Strang, 27, has a broad view of the war in Iraq after three deployments, beginning with the 2003 invasion, a stint from 2004-05 and a final mission in 2010.

“It was the adventure of a lifetime, really,” he said.

He describes the invasion in 2003 as a “wild, wild West” experience. The rules of engagement were loose, and the enemy usually wore a uniform of some sort. There were more restrictions on the second deployment, however, and the advent of suicide bombers and guerrilla warfare made it difficult to distinguish friend from foe.

Even in the thick of a tough deployment, Strang said the Iraqi people were grateful and friendly toward American troops.

“I’ve seen some horrible things happen to Americans and Iraqis. But we did good things over there, too,” Strang said.

He found the country significantly changed when he arrived in 2010. Saddam Hussein had been captured, tried and executed; the Iraqi army and police had assumed many of the responsibilities of the U.S. forces.

“The mission had already changed a lot,” Strang said.

As part of a transportation and convoy security unit, Strang didn’t have the same combat experience as troops raiding houses in Fallujah. Still, there’s a perception that it’s only the troops who participated in heavy “Rambo-style” fighting who have trouble adjusting back home, he said.

Strang said that when he came home he sorely missed the camaraderie of his fellow soldiers; it’s hard to relate to friends back home after a year spent overseas.

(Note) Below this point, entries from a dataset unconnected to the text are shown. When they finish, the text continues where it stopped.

Lemma integrable_Xpow_ln a : 0 < a < 1 ->
  P.-integrable setT (EFin \o (fun x => Xpow a x * ln (X x))).
Proof.
move=> /[dup] a01 /andP[a0 a1].
apply: le_integrable (integrable_affineX a^-1 (1 - a)^-1) => //.
  apply/measurable_EFinP/measurable_funM; [exact: measurable_Xpow|exact: measurable_lnX].
move=> x _; rewrite /= lee_fin [leRHS]ger0_norm; last first.
  by rewrite addr_ge0 ?mulr_ge0 ?invr_ge0 ?subr_ge0 ?ltW.
by rewrite /Xpow -{3}expR_lnX [_^-1 * _]mulrC; exact: norm_expR_mul_mulr_le.
Qed.

Lemma integrable_Xpow_comb a (al be : R) : 0 < a < 1 ->
  P.-integrable setT (EFin \o (fun x => al * Xpow a x + be * (Xpow a x * ln (X x)))).
Proof.
move=> /[dup] a01 /andP[a0 a1].
apply: integrable_addr => //; apply: integrable_mull => //.
  by apply: integrable_Xpow; rewrite !ltW.
exact: integrable_Xpow_ln.
Qed.

Lemma Rintegral_Xpow_comb a (al be : R) : 0 < a < 1 ->
  \int[P]_x (al * Xpow a x + be * (Xpow a x * ln (X x))) = al * mom a + be * mom_ln a.
Proof.
move=> /[dup] a01 /andP[a0 a1].
have iXa : P.-integrable setT (EFin \o Xpow a) by apply: integrable_Xpow; rewrite !ltW.
have iXla := @integrable_Xpow_ln a a01.
by rewrite RintegralD ?RintegralZl //; apply: integrable_mull.
Qed.

Lemma mom_le1 a : 0 <= a <= 1 -> mom a <= 1.
Proof.
move=> a01; rewrite -[leRHS](subrK a) -(Rintegral_affineX (1 - a) a).
apply: le_Rintegral => //; first exact: integrable_Xpow.
  exact: integrable_affineX.
by move=> x _; rewrite /Xpow -{2}expR_lnX addrC; exact: expR_mul_le_convex.
Qed.

Lemma mom_gt0 a : 0 <= a <= 1 -> 0 < mom a.
Proof.
move=> a01; rewrite lt_neqAle Rintegral_ge0 ?andbT; last by move=> x _; exact: expR_ge0.
apply/eqP => /esym mom0.
have [x /(_ I) /eqP] := ae_prob_ex (ae_eq0_Rintegral_eq0 measurableT _
  (integrable_Xpow _ a01) (fun x _ => expR_ge0 _) mom0).
by rewrite gt_eqF // expR_gt0.
Qed.

Lemma tilted_entropyE a : 0 < a < 1 ->
  (\int[P]_x (tilted P X a x * ln (tilted P X a x))%:E = (tilted_entropy a)%:E)%E.
Proof.
move=> a01; have /andP[a0 a1] := a01; have M0 : 0 < mom a by rewrite mom_gt0 ?ltW.
have tiltedE x : tilted P X a x * ln (tilted P X a x)
    = - ln (mom a) / mom a * Xpow a x + a / mom a * (Xpow a x * ln (X x)).
  rewrite /tilted momentE XpowE ln_div ?posrE ?expR_gt0 // /Xpow expRK.
  by field; rewrite gt_eqF.
under eq_integral do rewrite tiltedE.
rewrite -[LHS]fineK; last exact/integrable_fin_num/integrable_Xpow_comb.
rewrite -/(Rintegral P setT _) Rintegral_Xpow_comb //; congr EFin.
by rewrite /tilted_entropy; field; rewrite gt_eqF.
Qed.

Lemma continuous_Xpow x : continuous (Xpow ^~ x).
Proof.
have -> : Xpow ^~ x = expR \o (fun a => a * ln (X x)) by [].
move=> a; apply: continuous_comp; first by apply: cvgMl; exact: cvg_id.
exact: continuous_expR.
Qed.

Lemma mom_continuous : {in `]0, 1[, continuous mom}.
Proof.
have int_Xpow a : `]0, 1[%classic a -> P.-integrable setT (EFin \o Xpow a).
  by rewrite /= in_itv /= => /andP[a0 a1]; apply: integrable_Xpow; rewrite !ltW.
have Xpow_le a : `]0, 1[%classic a -> {ae P, forall x, setT x -> `|Xpow a x| <= 1 + 1 * X x}.
  rewrite /= in_itv /= => /andP[a0 a1]; apply: aeW => x _.
  by rewrite ger0_norm ?expR_ge0 // mul1r Xpow_le1D // !ltW.
have cont : {ae P, forall x, setT x -> {in `]0, 1[%classic, continuous (Xpow ^~ x)}}.
  by apply: aeW => x _ a _; exact: continuous_Xpow.
move=> a a01.
apply: (continuity_under_integral measurableT int_Xpow cont (integrable_affineX 1 1) Xpow_le).
by rewrite inE /=.
Qed.

Lemma norm_Xpow_ln_le a u v x : 0 < u <= a -> a <= v < 1 ->
  `|Xpow a x * ln (X x)| <= u^-1 + (1 - v)^-1 * X x.
Proof.
case/andP=> u0 ua /andP[av v1]; have a0 := lt_le_trans u0 ua; have a1 := le_lt_trans av v1.
apply: le_trans (norm_expR_mul_mulr_le _ _ _) _; first by rewrite a0 a1.
rewrite expR_lnX [_ / _]mulrC lerD ?ler_pM2r ?Xpos // lef_pV2 ?posrE ?subr_gt0 //.
by rewrite lerD2l lerN2.
Qed.

Lemma mom_ln_continuous : {in `]0, 1[, continuous mom_ln}.
Proof.
move=> a; rewrite in_itv /= => /andP[a0 a1].
pose u := a / 2; pose v := (1 + a) / 2.
have [u0 ua] : 0 < u /\ u < a by rewrite /u; split; lra.
have [av v1] : a < v /\ v < 1 by rewrite /v; split; lra.
have int_Xpow_ln b : `]u, v[%classic b ->
    P.-integrable setT (EFin \o (fun x => Xpow b x * ln (X x))).
  rewrite /= in_itv /= => /andP[ub bv]; apply: integrable_Xpow_ln.
  by rewrite (lt_trans u0 ub) (lt_trans bv v1).
have dom b : `]u, v[%classic b -> {ae P, forall x, setT x ->
    `|Xpow b x * ln (X x)| <= u^-1 + (1 - v)^-1 * X x}.
  rewrite /= in_itv /= => /andP[ub bv]; apply: aeW => x _.
  by apply: norm_Xpow_ln_le; rewrite ?u0 ?v1 ltW.
have cont : {ae P, forall x, setT x ->
    {in `]u, v[%classic, continuous (fun b => Xpow b x * ln (X x))}}.
  by apply: aeW => x _ b _; apply: cvgMl; exact: continuous_Xpow.
apply: (continuity_under_integral measurableT int_Xpow_ln cont (integrable_affineX _ _) dom).
by rewrite inE /= in_itv /= ua av.
Qed.

Lemma tilted_entropy_continuous : {in `]0, 1[, continuous tilted_entropy}.
Proof.
move=> a /[dup] a01; rewrite in_itv /= => /andP[a0 a1].
have M0 : 0 < mom a by rewrite mom_gt0 ?ltW.
have Mc := mom_continuous _ a01.
apply: cvgB; last exact: continuous_comp Mc (continuous_ln M0).
apply: cvgM; first exact: cvg_id.
exact: cvgM (mom_ln_continuous _ a01) (cvgV (lt0r_neq0 M0) Mc).
Qed.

It’s also tough integrating back into a world where work is scarce and food and shelter aren’t free.

Strang matured during his deployments, even as Iraq changed. Seeing the improvements in the nation changed his mindset about the religion, the people and the country. From his perspective, a lot of good was accomplished.

“I’ve always been very supportive of the mission,” Strang said.